Aim of the task: When you reach the line with "with the standard" in the data below, begin printing lines exactly, and stop once the line with "closed [set p" has been printed.

Source data:
(* Let $x\in\mathcal H$, $\lambda>0$, $\hat\sigma\ge0$, and let $(y,u,\varepsilon)$ be a $\hat\sigma$-approximate PG solution at $(x,\lambda)$. Define $v:=u+\nabla g(y)$ and $\sigma:=\frac{\lambda L}{\sqrt{1+\lambda\mu}}+\hat\sigma$. Then $v\in\partial_\varepsilon f(y)+\nabla g(y)$ and $\frac{\|\lambda v+y-x\|^2}{1+\lambda\mu}+2\lambda\varepsilon\le\sigma^2\|y-x\|^2$.
   Context: $\mathcal H$ is a finite-dimensional real inner product space with norm $\|\cdot\|$. $f,g:\mathcal H\to(-\infty,\infty]$ are proper, closed, convex; $g$ is $\mu$-strongly convex ($\mu>0$). $\Omega\subseteq\mathcal H$ is a nonempty closed convex set containing $\mathrm{dom}\,f$, $P_\Omega$ is the orthogonal projection onto $\Omega$, and $g$ is differentiable on an open set containing $\Omega$ with $\|\nabla g(x)-\nabla g(y)\|\le L\|x-y\|$ for $x,y\in\Omega$, $L>0$. For $\varepsilon\ge0$, $\partial_\varepsilon f(y):=\{u: f(w)\ge f(y)+\langle u,w-y\rangle-\varepsilon\ \forall w\}$. Definition: for $\hat\sigma\ge0$, $(y,u,\varepsilon)\in\mathcal H\times\mathcal H\times[0,\infty)$ is a $\hat\sigma$-approximate Proximal-Gradient (PG) solution at $(x,\lambda)\in\mathcal H\times(0,\infty)$ if, with $z:=P_\Omega(x)$, $u\in\partial_\varepsilon f(y)$ and $\frac{\|\lambda(u+\nabla g(z))+y-x\|^2}{1+\lambda\mu}+2\lambda\varepsilon\le\hat\sigma^2\|y-x\|^2$. *)

(* The finite-dimensional real inner product space H is modelled as 'rV[R]_n
   with the standard (Euclidean) inner product. *)
From HB Require Import structures.
From mathcomp Require Import all_boot all_order all_algebra.
From mathcomp Require Import all_classical all_reals all_analysis.
Set Implicit Arguments. Unset Strict Implicit. Unset Printing Implicit Defensive.
Import Order.TTheory GRing.Theory Num.Theory.
Import numFieldNormedType.Exports.
Local Open Scope classical_set_scope.
Local Open Scope ring_scope.

Section Defs.
Context {R : realType} {n : nat}.
Local Notation H := 'rV[R]_n.

Definition ip (a b : H) : R := \sum_(i < n) a ord0 i * b ord0 i.
Definition enorm (a : H) : R := Num.sqrt (ip a a).

Definition proper_fun (f : H -> \bar R) : Prop :=
  (forall x, f x != -oo%E) /\ exists x, f x \is a fin_num.

Definition closed_fun (f : H -> \bar R) : Prop :=
  closed [set p : H * R | (f p.1 <= p.2%:E)%E].

Definition convex_fun (f : H -> \bar R) : Prop :=
  forall (x y : H) (t : R), 0 < t < 1 ->
    (f (t *: x + (1 - t) *: y)%R <= t%:E * f x + (1 - t)%:E * f y)%E.

Definition strongly_convex_fun (mu : R) (f : H -> \bar R) : Prop :=
  forall (x y : H) (t : R), 0 < t < 1 ->
    (f (t *: x + (1 - t) *: y)%R <=
       t%:E * f x + (1 - t)%:E * f y
       - (mu / 2 * t * (1 - t) * enorm (x - y) ^+ 2)%:E)%E.

Definition dom (f : H -> \bar R) : set H := [set x | (f x < +oo)%E].

Definition gradient_on (g : H -> \bar R) (U : set H) (Gr : H -> H) : Prop :=
  forall x, U x -> g x \is a fin_num /\
    forall e : R, 0 < e -> exists2 d : R, 0 < d & forall h : H, enorm h < d ->
      `| fine (g (x + h)) - fine (g x) - ip (Gr x) h | <= e * enorm h.

Definition is_proj (S : set H) (x p : H) : Prop :=
  S p /\ forall w, S w -> enorm (x - p) <= enorm (x - w).

Definition eps_subdiff (f : H -> \bar R) (eps : R) (y u : H) : Prop :=
  forall w, (f w >= f y + (ip u (w - y)%R - eps)%:E)%E.

(* hat-sigma-approximate PG solution (y,u,eps) at (x,lam), with z := P x,
   where Gr is the gradient of g and mu its strong-convexity modulus *)
Definition approx_PG_sol (f : H -> \bar R) (Gr P : H -> H) (mu sigh : R)
    (x : H) (lam : R) (y u : H) (eps : R) : Prop :=
  0 <= eps /\ eps_subdiff f eps y u /\
  enorm (lam *: (u + Gr (P x)) + y - x) ^+ 2 / (1 + lam * mu) + 2 * lam * eps
    <= sigh ^+ 2 * enorm (y - x) ^+ 2.

End Defs.

(* The proof combines three independent facts, preceded by two elementary
   lemmas on real quadratics that drive the inner-product estimates.
   - Geometry of the Euclidean inner product on 'rV[R]_n: bilinearity,
     Cauchy-Schwarz and the triangle inequality for the induced norm.
   - Projection onto a closed convex set is nonexpansive towards points of
     the set: the variational inequality <x - p, y - p> <= 0 for y in Omega
     gives |y - P x| <= |y - x|.
   - The point y lies in dom f (being a point of an eps-subdifferential of a
     proper function), hence in Omega, so the Lipschitz bound applies:
     |grad g(y) - grad g(z)| <= L |y - z| <= L |y - x|.
   Writing lam v + y - x = (lam (u + grad g(z)) + y - x) + lam (grad g(y) -
   grad g(z)) and applying the triangle inequality, the theorem reduces to an
   elementary real inequality, [error_bound_transfer]. *)
From HB Require Import structures.
From mathcomp Require Import all_boot all_order all_algebra.
From mathcomp Require Import all_classical all_reals all_analysis.
From mathcomp Require Import ring lra.
Import Order.TTheory GRing.Theory Num.Theory.
Import numFieldNormedType.Exports.
Local Open Scope classical_set_scope.
Local Open Scope ring_scope.

Lemma quadratic_discriminant {R : realFieldType} (A B C : R) :
  0 <= B -> (forall t, 0 <= A + 2 * t * C + t ^+ 2 * B) -> C ^+ 2 <= A * B.
Proof.
move=> B0 nonneg; have [Bz|Bn0] := eqVneq B 0.
  have [C0|Cn0] := eqVneq C 0; first by rewrite Bz C0 expr0n /= mulr0.
  have := nonneg (- (A + 1) / (2 * C)); set t := _ / _.
  have tC : t * (2 * C) = - (A + 1) by rewrite mulfVK ?mulf_neq0 ?pnatr_eq0.
  by rewrite Bz mulr0 addr0; lra.
have := nonneg (- C / B); set t := _ / _ => h.
have tB : t * B = - C by rewrite mulfVK.
have : 0 <= (A + 2 * t * C + t ^+ 2 * B) * B by rewrite mulr_ge0.
have -> : (A + 2 * t * C + t ^+ 2 * B) * B =
          A * B + 2 * C * (t * B) + (t * B) ^+ 2 by ring.
by rewrite tB; lra.
Qed.

(* If t a <= t^2 b for all t in ]0, 1[, then a <= 0 (divide by t and let
   t -> 0); the explicit witness t = a / (2 a + b) refutes a > 0. *)
Lemma le0_of_small_quadratic {R : realFieldType} (a b : R) :
  0 <= b -> (forall t, 0 < t < 1 -> t * a <= t ^+ 2 * b) -> a <= 0.
Proof.
move=> b0 small; rewrite leNgt; apply/negP => a0.
have c0 : 0 < 2 * a + b by lra.
have t0 : 0 < a / (2 * a + b) by rewrite divr_gt0.
have t1 : a / (2 * a + b) < 1 by rewrite ltr_pdivrMr // mul1r; lra.
have := small _ (introT andP (conj t0 t1)).
move: t0 t1; set t := a / _ => t0 t1.
have tc : t * (2 * a + b) = a by rewrite mulfVK ?gt_eqF.
rewrite expr2 -mulrA ler_pM2l // => h.
have : a * (2 * a + b) <= (t * b) * (2 * a + b) by rewrite ler_pM2r.
have -> : t * b * (2 * a + b) = b * (t * (2 * a + b)) by ring.
by rewrite tc; nra.
Qed.

Section EuclideanGeometry.
Context {R : realType} {n : nat}.
Implicit Types (a b c : 'rV[R]_n) (k : R).

Lemma ipC a b : ip a b = ip b a.
Proof. by apply: eq_bigr => i _; rewrite mulrC. Qed.

Lemma ipDl a b c : ip (a + b) c = ip a c + ip b c.
Proof. by rewrite /ip -big_split; apply: eq_bigr => i _; rewrite mxE mulrDl. Qed.

Lemma ipZl k a b : ip (k *: a) b = k * ip a b.
Proof. by rewrite /ip mulr_sumr; apply: eq_bigr => i _; rewrite mxE mulrA. Qed.

Lemma ipDr a b c : ip c (a + b) = ip c a + ip c b.
Proof. by rewrite ipC ipDl !(ipC c). Qed.

Lemma ipZr k a b : ip b (k *: a) = k * ip b a.
Proof. by rewrite ipC ipZl ipC. Qed.

Lemma ip_ge0 a : 0 <= ip a a.
Proof. by apply: sumr_ge0 => i _; rewrite -expr2 sqr_ge0. Qed.

Lemma enorm_ge0 a : 0 <= enorm a.
Proof. exact: sqrtr_ge0. Qed.

Lemma enorm2 a : enorm a ^+ 2 = ip a a.
Proof. by rewrite /enorm sqr_sqrtr // ip_ge0. Qed.

Lemma enormZ k a : enorm (k *: a) = `|k| * enorm a.
Proof. by rewrite /enorm ipZl ipZr mulrA -expr2 sqrtrM ?sqr_ge0 // sqrtr_sqr. Qed.

Lemma ip_expand a b k :
  ip (a + k *: b) (a + k *: b) = ip a a + 2 * k * ip a b + k ^+ 2 * ip b b.
Proof. by rewrite !(ipDl, ipDr, ipZl, ipZr) (ipC b a); ring. Qed.

(* Cauchy-Schwarz: t |-> |a + t b|^2 is a nonnegative quadratic. *)
Lemma cauchy_schwarz a b : ip a b ^+ 2 <= ip a a * ip b b.
Proof.
by apply: quadratic_discriminant (ip_ge0 b) _ => t; rewrite -ip_expand ip_ge0.
Qed.

(* Triangle inequality, from Cauchy-Schwarz by squaring both sides. *)
Lemma enorm_triangle a b : enorm (a + b) <= enorm a + enorm b.
Proof.
rewrite -(ler_pXn2r (_ : 0 < 2)%N) ?nnegrE ?addr_ge0 ?enorm_ge0 //.
have ab : ip a b <= enorm a * enorm b.
  apply: le_trans (ler_norm _) _.
  rewrite -(ler_pXn2r (_ : 0 < 2)%N) ?nnegrE ?mulr_ge0 ?enorm_ge0 //.
  by rewrite real_normK ?num_real // exprMn !enorm2 cauchy_schwarz.
have := ip_expand a b 1; rewrite scale1r sqrrD !enorm2 => ->; lra.
Qed.

End EuclideanGeometry.

Section Projection.
Context {R : realType} {n : nat}.
Context {S : set 'rV[R]_n} {x p : 'rV[R]_n}.
Hypotheses (convS : convex_set S) (proj_p : is_proj S x p).

Lemma proj_variational_ineq {y} : S y -> ip (x - p) (y - p) <= 0.
Proof.
move=> Sy; have [Sp nearest] := proj_p.
suff : 2 * ip (x - p) (y - p) <= 0 by lra.
apply: (@le0_of_small_quadratic R _ _ (ip_ge0 (y - p))) => t /andP[t0 t1].
have Sw : S (t *: y + (1 - t) *: p).
  have := convS y p (Itv01 (ltW t0) (ltW t1)); rewrite !inE /= => /(_ Sy Sp).
  by rewrite /conv.
have closer :
    enorm (x - p) ^+ 2 <= enorm ((x - p) + (- t) *: (y - p)) ^+ 2.
  rewrite ler_pXn2r ?nnegrE ?enorm_ge0 //.
  have -> : (x - p) + (- t) *: (y - p) = x - (t *: y + (1 - t) *: p).
    by apply/rowP => i; rewrite !mxE; ring.
  exact: nearest.
by move: closer; rewrite !enorm2 ip_expand sqrrN; lra.
Qed.

Lemma proj_closer {y} : S y -> enorm (y - p) <= enorm (y - x).
Proof.
move=> Sy; rewrite -(ler_pXn2r (_ : 0 < 2)%N) ?nnegrE ?enorm_ge0 // !enorm2.
have -> : y - x = (y - p) + (-1) *: (x - p) by apply/rowP => i; rewrite !mxE; ring.
rewrite ip_expand (ipC (y - p)).
have := proj_variational_ineq Sy; have := ip_ge0 (x - p); lra.
Qed.

End Projection.

(* A point of an eps-subdifferential of a proper function lies in its domain:
   otherwise the subgradient inequality would force f = +oo everywhere. *)
Lemma eps_subdiff_dom {R : realType} {n : nat} {f : 'rV[R]_n -> \bar R}
    {eps : R} {y u : 'rV[R]_n} :
  proper_fun f -> eps_subdiff f eps y u -> dom f y.
Proof.
move=> [not_ninfty [x0 fx0]] sub; rewrite /dom /=.
have := sub x0; case fy: (f y) => [r| |] /=.
- by move=> _; exact: ltry.
- by rewrite leye_eq => /eqP fx0_infty; move: fx0; rewrite fx0_infty.
- by move: (not_ninfty y); rewrite fy.
Qed.

Lemma perturbed_error_bound {R : realFieldType} {a m k e N : R} :
  0 <= a -> 0 <= m -> 0 <= k -> 0 <= e -> 0 <= N ->
  a ^+ 2 + e <= k ^+ 2 -> N <= a + m -> N ^+ 2 + e <= (m + k) ^+ 2.
Proof.
move=> a0 m0 k0 e0 N0 old new.
have ak : a <= k by rewrite -(ler_pXn2r (_ : 0 < 2)%N) ?nnegrE //; lra.
nra.
Qed.

(* The same estimate in the scaled form used by approximate PG solutions:
   errors are divided by q = 1 + lam mu, and the perturbation is K D. *)
Lemma error_bound_transfer {R : rcfType} {q A N K D sh e : R} :
  0 < q -> 0 <= A -> 0 <= N -> 0 <= K -> 0 <= D -> 0 <= sh -> 0 <= e ->
  A ^+ 2 / q + e <= sh ^+ 2 * D ^+ 2 -> N <= A + K * D ->
  N ^+ 2 / q + e <= (K / Num.sqrt q + sh) ^+ 2 * D ^+ 2.
Proof.
move=> q0 A0 N0 K0 D0 sh0 e0 old new.
have s0 : 0 < Num.sqrt q by rewrite sqrtr_gt0.
have qs : q = Num.sqrt q ^+ 2 by rewrite sqr_sqrtr // ltW.
move: s0 qs old; set s := Num.sqrt q => s0 ->.
rewrite -!expr_div_n -!exprMn mulrDl mulrAC => old.
apply: (perturbed_error_bound _ _ _ _ _ old);
  rewrite ?divr_ge0 ?mulr_ge0 ?(ltW s0) //.
by rewrite -mulrDl ler_pM2r ?invr_gt0.
Qed.

Theorem proposition5p1 (R : realType) (n : nat)
    (f g : 'rV[R]_n -> \bar R) (mu L : R) (Omega U : set 'rV[R]_n)
    (Gr P : 'rV[R]_n -> 'rV[R]_n) :
  proper_fun f -> closed_fun f -> convex_fun f ->
  proper_fun g -> closed_fun g -> convex_fun g ->
  0 < mu -> strongly_convex_fun mu g ->
  Omega !=set0 -> closed Omega -> convex_set Omega ->
  dom f `<=` Omega ->
  (forall x, is_proj Omega x (P x)) ->
  open U -> Omega `<=` U -> gradient_on g U Gr ->
  0 < L -> (forall x y, Omega x -> Omega y -> enorm (Gr x - Gr y) <= L * enorm (x - y)) ->
  forall (x : 'rV[R]_n) (lam sigh : R) (y u : 'rV[R]_n) (eps : R),
    0 < lam -> 0 <= sigh ->
    approx_PG_sol f Gr P mu sigh x lam y u eps ->
    let v := u + Gr y in
    let sigma := lam * L / Num.sqrt (1 + lam * mu) + sigh in
    (exists2 w, eps_subdiff f eps y w & v = w + Gr y) /\
    enorm (lam *: v + y - x) ^+ 2 / (1 + lam * mu) + 2 * lam * eps
      <= sigma ^+ 2 * enorm (y - x) ^+ 2.
Proof.
move=> properf _ _ _ _ _ mu0 _ _ _ convO domO projP _ _ _ L0 lipG
  x lam sigh y u eps lam0 sigh0 [eps0 [sub approx]] v sigma.
split; first by exists u.
set z := P x; set r := lam *: (u + Gr z) + y - x.
have Oy : Omega y := domO _ (eps_subdiff_dom properf sub).
have grad_close : enorm (Gr y - Gr z) <= L * enorm (y - x).
  apply: le_trans (lipG _ _ Oy (projP x).1) _.
  by rewrite ler_pM2l // (proj_closer convO (projP x) Oy).
have residual : enorm (lam *: v + y - x) <= enorm r + lam * L * enorm (y - x).
  have -> : lam *: v + y - x = r + lam *: (Gr y - Gr z).
    by apply/rowP => i; rewrite !mxE; ring.
  apply: le_trans (enorm_triangle _ _) _.
  by rewrite enormZ gtr0_norm // -mulrA lerD2l ler_pM2l.
have q0 : 0 < 1 + lam * mu by rewrite ltr_wpDr // mulr_ge0 ?ltW.
have e0 : 0 <= 2 * lam * eps by rewrite !mulr_ge0 // ltW.
have K0 : 0 <= lam * L by rewrite mulr_ge0 // ltW.
exact: (error_bound_transfer q0 (enorm_ge0 _) (enorm_ge0 _) K0 (enorm_ge0 _)
  sigh0 e0 approx residual).
Qed.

Result for this exercise:
   with the standard (Euclidean) inner product. *)
From HB Require Import structures.
From mathcomp Require Import all_boot all_order all_algebra.
From mathcomp Require Import all_classical all_reals all_analysis.
Set Implicit Arguments. Unset Strict Implicit. Unset Printing Implicit Defensive.
Import Order.TTheory GRing.Theory Num.Theory.
Import numFieldNormedType.Exports.
Local Open Scope classical_set_scope.
Local Open Scope ring_scope.

Section Defs.
Context {R : realType} {n : nat}.
Local Notation H := 'rV[R]_n.

Definition ip (a b : H) : R := \sum_(i < n) a ord0 i * b ord0 i.
Definition enorm (a : H) : R := Num.sqrt (ip a a).

Definition proper_fun (f : H -> \bar R) : Prop :=
  (forall x, f x != -oo%E) /\ exists x, f x \is a fin_num.

Definition closed_fun (f : H -> \bar R) : Prop :=
  closed [set p : H * R | (f p.1 <= p.2%:E)%E].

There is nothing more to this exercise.